[Saved entries]
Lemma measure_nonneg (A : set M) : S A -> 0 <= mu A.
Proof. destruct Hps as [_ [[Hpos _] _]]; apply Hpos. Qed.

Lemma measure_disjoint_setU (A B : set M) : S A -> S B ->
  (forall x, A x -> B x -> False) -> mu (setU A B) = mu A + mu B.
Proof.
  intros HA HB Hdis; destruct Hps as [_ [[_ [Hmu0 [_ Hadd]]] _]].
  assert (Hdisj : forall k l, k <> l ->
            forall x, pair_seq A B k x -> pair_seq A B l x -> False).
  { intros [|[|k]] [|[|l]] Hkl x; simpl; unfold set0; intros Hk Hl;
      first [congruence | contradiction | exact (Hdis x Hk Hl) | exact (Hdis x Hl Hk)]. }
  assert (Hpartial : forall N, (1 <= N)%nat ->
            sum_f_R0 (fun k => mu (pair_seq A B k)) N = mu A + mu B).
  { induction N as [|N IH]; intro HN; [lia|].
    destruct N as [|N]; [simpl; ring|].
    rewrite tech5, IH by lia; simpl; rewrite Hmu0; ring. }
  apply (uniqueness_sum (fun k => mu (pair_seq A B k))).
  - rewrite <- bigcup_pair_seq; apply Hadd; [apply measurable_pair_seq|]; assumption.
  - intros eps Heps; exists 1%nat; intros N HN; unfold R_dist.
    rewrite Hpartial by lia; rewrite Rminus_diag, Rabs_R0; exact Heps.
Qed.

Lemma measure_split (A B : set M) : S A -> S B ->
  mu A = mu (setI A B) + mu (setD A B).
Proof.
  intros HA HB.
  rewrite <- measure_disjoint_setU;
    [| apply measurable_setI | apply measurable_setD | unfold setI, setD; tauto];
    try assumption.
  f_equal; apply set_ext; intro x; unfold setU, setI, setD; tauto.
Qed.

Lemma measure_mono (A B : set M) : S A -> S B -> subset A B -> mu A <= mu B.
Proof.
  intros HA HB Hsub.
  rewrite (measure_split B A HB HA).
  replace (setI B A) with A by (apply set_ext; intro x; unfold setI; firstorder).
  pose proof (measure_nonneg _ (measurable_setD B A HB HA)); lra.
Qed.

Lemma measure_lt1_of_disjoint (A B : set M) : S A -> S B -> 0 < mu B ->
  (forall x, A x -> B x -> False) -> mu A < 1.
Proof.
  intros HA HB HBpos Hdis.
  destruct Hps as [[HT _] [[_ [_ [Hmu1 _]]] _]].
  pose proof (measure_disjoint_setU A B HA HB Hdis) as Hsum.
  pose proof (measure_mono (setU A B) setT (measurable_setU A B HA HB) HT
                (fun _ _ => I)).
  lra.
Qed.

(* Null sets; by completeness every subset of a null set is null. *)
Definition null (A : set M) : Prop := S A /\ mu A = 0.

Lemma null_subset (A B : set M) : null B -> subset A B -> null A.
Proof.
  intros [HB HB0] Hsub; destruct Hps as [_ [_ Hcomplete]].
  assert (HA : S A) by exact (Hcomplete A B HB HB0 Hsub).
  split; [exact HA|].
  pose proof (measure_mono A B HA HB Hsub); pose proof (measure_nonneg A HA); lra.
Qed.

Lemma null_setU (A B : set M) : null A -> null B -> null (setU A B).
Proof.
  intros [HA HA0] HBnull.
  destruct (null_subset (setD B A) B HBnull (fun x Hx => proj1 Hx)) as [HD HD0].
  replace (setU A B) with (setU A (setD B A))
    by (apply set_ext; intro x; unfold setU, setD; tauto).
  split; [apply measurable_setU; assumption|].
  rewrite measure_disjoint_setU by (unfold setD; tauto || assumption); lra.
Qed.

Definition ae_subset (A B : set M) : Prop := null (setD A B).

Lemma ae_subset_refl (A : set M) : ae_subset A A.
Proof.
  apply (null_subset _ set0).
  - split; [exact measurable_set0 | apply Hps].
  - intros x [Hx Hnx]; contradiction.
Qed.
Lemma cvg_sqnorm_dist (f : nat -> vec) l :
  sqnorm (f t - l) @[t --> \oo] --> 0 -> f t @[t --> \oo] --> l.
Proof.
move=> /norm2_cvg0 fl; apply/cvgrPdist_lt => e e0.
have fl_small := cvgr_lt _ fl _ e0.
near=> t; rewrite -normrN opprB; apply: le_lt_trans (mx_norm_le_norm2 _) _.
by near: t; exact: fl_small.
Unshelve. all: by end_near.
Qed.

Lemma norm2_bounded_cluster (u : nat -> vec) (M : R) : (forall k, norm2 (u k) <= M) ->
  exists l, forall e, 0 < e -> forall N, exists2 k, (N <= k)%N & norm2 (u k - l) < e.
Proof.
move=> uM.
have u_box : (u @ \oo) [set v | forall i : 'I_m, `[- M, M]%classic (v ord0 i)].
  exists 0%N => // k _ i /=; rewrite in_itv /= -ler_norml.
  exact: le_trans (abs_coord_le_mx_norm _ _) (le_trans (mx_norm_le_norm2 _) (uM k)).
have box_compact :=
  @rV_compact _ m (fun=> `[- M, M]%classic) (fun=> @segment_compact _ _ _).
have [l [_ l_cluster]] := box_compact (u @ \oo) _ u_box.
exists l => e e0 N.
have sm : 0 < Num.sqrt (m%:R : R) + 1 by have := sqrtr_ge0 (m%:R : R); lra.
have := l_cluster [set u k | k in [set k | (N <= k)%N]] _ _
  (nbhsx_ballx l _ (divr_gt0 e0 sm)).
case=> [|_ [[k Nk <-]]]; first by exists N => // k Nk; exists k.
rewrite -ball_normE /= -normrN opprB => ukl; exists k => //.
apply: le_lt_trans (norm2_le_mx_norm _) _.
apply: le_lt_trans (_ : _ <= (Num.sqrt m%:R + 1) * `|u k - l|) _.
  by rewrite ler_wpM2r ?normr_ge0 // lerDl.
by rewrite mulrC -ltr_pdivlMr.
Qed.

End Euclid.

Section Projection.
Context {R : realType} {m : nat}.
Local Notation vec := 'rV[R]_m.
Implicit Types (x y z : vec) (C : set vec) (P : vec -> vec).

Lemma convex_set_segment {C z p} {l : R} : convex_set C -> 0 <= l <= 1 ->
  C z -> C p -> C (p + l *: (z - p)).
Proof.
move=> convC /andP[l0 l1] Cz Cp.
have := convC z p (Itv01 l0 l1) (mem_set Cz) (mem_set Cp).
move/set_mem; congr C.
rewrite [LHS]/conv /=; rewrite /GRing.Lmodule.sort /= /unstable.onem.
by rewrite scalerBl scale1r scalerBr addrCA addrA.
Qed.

**TASK TO CARRY OUT:** Write out again, exactly, the lines from the start of the entries up to and including the one with "intros HA HB Hdis;". Nothing else belongs in the reply.

**ANSWER AREA:**
Lemma measure_nonneg (A : set M) : S A -> 0 <= mu A.
Proof. destruct Hps as [_ [[Hpos _] _]]; apply Hpos. Qed.

Lemma measure_disjoint_setU (A B : set M) : S A -> S B ->
  (forall x, A x -> B x -> False) -> mu (setU A B) = mu A + mu B.
Proof.
  intros HA HB Hdis; destruct Hps as [_ [[_ [Hmu0 [_ Hadd]]] _]].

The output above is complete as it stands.